Description of the task:
Pull each line holding "rewards" out of the entries below.

Data to examine:
(* Let $(f^*,g^* )$ be a stationary $\hat\alpha$-discounted Nash equilibrium of a two-player continuous time stochastic game for some $\hat\alpha>0$, with $\|\mu\|>0$, and suppose: (N1) $(f^*,g^* )$ is pure, i.e. for each $s\in S$ there are $a^1_s\in A^1(s)$, $a^2_s\in A^2(s)$ with $f^*(s,a^1_s)=1$, $g^*(s,a^2_s)=1$; (N2) $Q(f^*,g^* )=0$, i.e. every state is absorbing under $(f^*,g^* )$; (N3) for all $s\in S$, $a^1\in A^1(s)$: $r^1(s,a^1,a^2_s)\ge\sum_{s'}\left(\frac{\mu(s',s,a^1,a^2_s)}{\|\mu\|}+\delta(s,s')\right)r^1(s',a^1_{s'},a^2_{s'})$, and for all $s\in S$, $a^2\in A^2(s)$: $r^2(s,a^1_s,a^2)\ge\sum_{s'}\left(\frac{\mu(s',s,a^1_s,a^2)}{\|\mu\|}+\delta(s,s')\right)r^2(s',a^1_{s'},a^2_{s'})$. Then $(f^*,g^* )$ is a Blackwell-Nash equilibrium.
   Context: A two-player continuous time stochastic game consists of a finite state set $S$, finite nonempty action sets $A^1(s),A^2(s)$, reward rates $r^i(s,a^1,a^2)$ ($i=1,2$), and transition rates $\mu(s',s,a^1,a^2)\ge0$ from $s$ to $s'\ne s$, with $\mu(s,s,a^1,a^2)=-\sum_{s'\ne s}\mu(s',s,a^1,a^2)$. Let $\|\mu\|=\max_{s,a^1,a^2}\sum_{s'\ne s}\mu(s',s,a^1,a^2)$ and let $\delta(s,s')$ be the Kronecker delta. Stationary strategies $f,g$ assign to each state a probability distribution on $A^1(s)$, resp. $A^2(s)$. For a stationary pair, $r^i(s,f,g)=\sum_{a^1,a^2}f(s,a^1)g(s,a^2)r^i(s,a^1,a^2)$ and $Q(f,g)$ is the generator matrix with $Q(f,g)_{ss'}=\sum_{a^1,a^2}f(s,a^1)g(s,a^2)\mu(s',s,a^1,a^2)$. For $\alpha>0$ the $\alpha$-discounted payoff is $v^i_\alpha(f,g)=(\alpha I-Q(f,g))^{-1}r^i(f,g)$ (equivalently $E^s_{f,g}\int_0^\infty e^{-\alpha t}r^i(s_t,f,g)dt$). A stationary pair $(f^*,g^* )$ is an $\alpha$-discounted Nash equilibrium if for all $s$, $v^1_\alpha(s,f^*,g^* )\ge v^1_\alpha(s,f,g^* )$ for all stationary $f$ and $v^2_\alpha(s,f^*,g^* )\ge v^2_\alpha(s,f^*,g)$ for all stationary $g$. It is a Blackwell-Nash equilibrium (BNE) if there is $\alpha_0>0$ such that it is an $\alpha$-discounted Nash equilibrium for all $\alpha\in(0,\alpha_0]$. *)

From HB Require Import structures.
From mathcomp Require Import all_boot all_order all_algebra.
Unset Implicit Arguments. Unset Printing Implicit Defensive.
Import Order.TTheory GRing.Theory Num.Theory.
Local Open Scope ring_scope.

Section Game.
Variables (R : realFieldType) (n : nat).
Variables (A1 A2 : 'I_n -> finType).

(* mu s' s a1 a2 : transition rate from s to s' (only meaningful for s' <> s) *)
Definition rates := 'I_n -> forall s : 'I_n, A1 s -> A2 s -> R.
Definition rewards := forall s : 'I_n, A1 s -> A2 s -> R.

Definition mu_full (mu : rates) (s' s : 'I_n) (a1 : A1 s) (a2 : A2 s) : R :=
  if s' == s then - \sum_(t < n | t != s) mu t s a1 a2 else mu s' s a1 a2.

Definition valid_rates (mu : rates) : Prop :=
  forall s' s a1 a2, s' != s -> 0 <= mu s' s a1 a2.

Definition norm_mu (mu : rates) : R :=
  \big[Num.max/0]_(s < n) \big[Num.max/0]_(a1 : A1 s) \big[Num.max/0]_(a2 : A2 s)
     \sum_(t < n | t != s) mu t s a1 a2.

Definition strat1 (f : forall s, A1 s -> R) : Prop :=
  forall s, (forall a, 0 <= f s a) /\ \sum_(a : A1 s) f s a = 1.
Definition strat2 (g : forall s, A2 s -> R) : Prop :=
  forall s, (forall a, 0 <= g s a) /\ \sum_(a : A2 s) g s a = 1.

Definition rbar (r : rewards) (f : forall s, A1 s -> R) (g : forall s, A2 s -> R)
  : 'cV[R]_n :=
  \col_s \sum_(a1 : A1 s) \sum_(a2 : A2 s) f s a1 * g s a2 * r s a1 a2.

Definition Qmat (mu : rates) (f : forall s, A1 s -> R) (g : forall s, A2 s -> R)
  : 'M[R]_n :=
  \matrix_(s, s') \sum_(a1 : A1 s) \sum_(a2 : A2 s) f s a1 * g s a2 * mu_full mu s' s a1 a2.

Definition vdisc (mu : rates) (r : rewards) (alpha : R)
  (f : forall s, A1 s -> R) (g : forall s, A2 s -> R) : 'cV[R]_n :=
  invmx (alpha%:M - Qmat mu f g) *m rbar r f g.

Definition is_disc_Nash (mu : rates) (r1 r2 : rewards) (alpha : R)
  (f : forall s, A1 s -> R) (g : forall s, A2 s -> R) : Prop :=
  forall s : 'I_n,
    (forall f', strat1 f' -> vdisc mu r1 alpha f' g s 0 <= vdisc mu r1 alpha f g s 0) /\
    (forall g', strat2 g' -> vdisc mu r2 alpha f g' s 0 <= vdisc mu r2 alpha f g s 0).

Definition is_BNE (mu : rates) (r1 r2 : rewards)
  (f : forall s, A1 s -> R) (g : forall s, A2 s -> R) : Prop :=
  exists alpha0 : R, 0 < alpha0 /\
    forall alpha, 0 < alpha -> alpha <= alpha0 -> is_disc_Nash mu r1 r2 alpha f g.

Exercise result:
Definition rewards := forall s : 'I_n, A1 s -> A2 s -> R.
Definition rbar (r : rewards) (f : forall s, A1 s -> R) (g : forall s, A2 s -> R)
Definition vdisc (mu : rates) (r : rewards) (alpha : R)
Definition is_disc_Nash (mu : rates) (r1 r2 : rewards) (alpha : R)
Definition is_BNE (mu : rates) (r1 r2 : rewards)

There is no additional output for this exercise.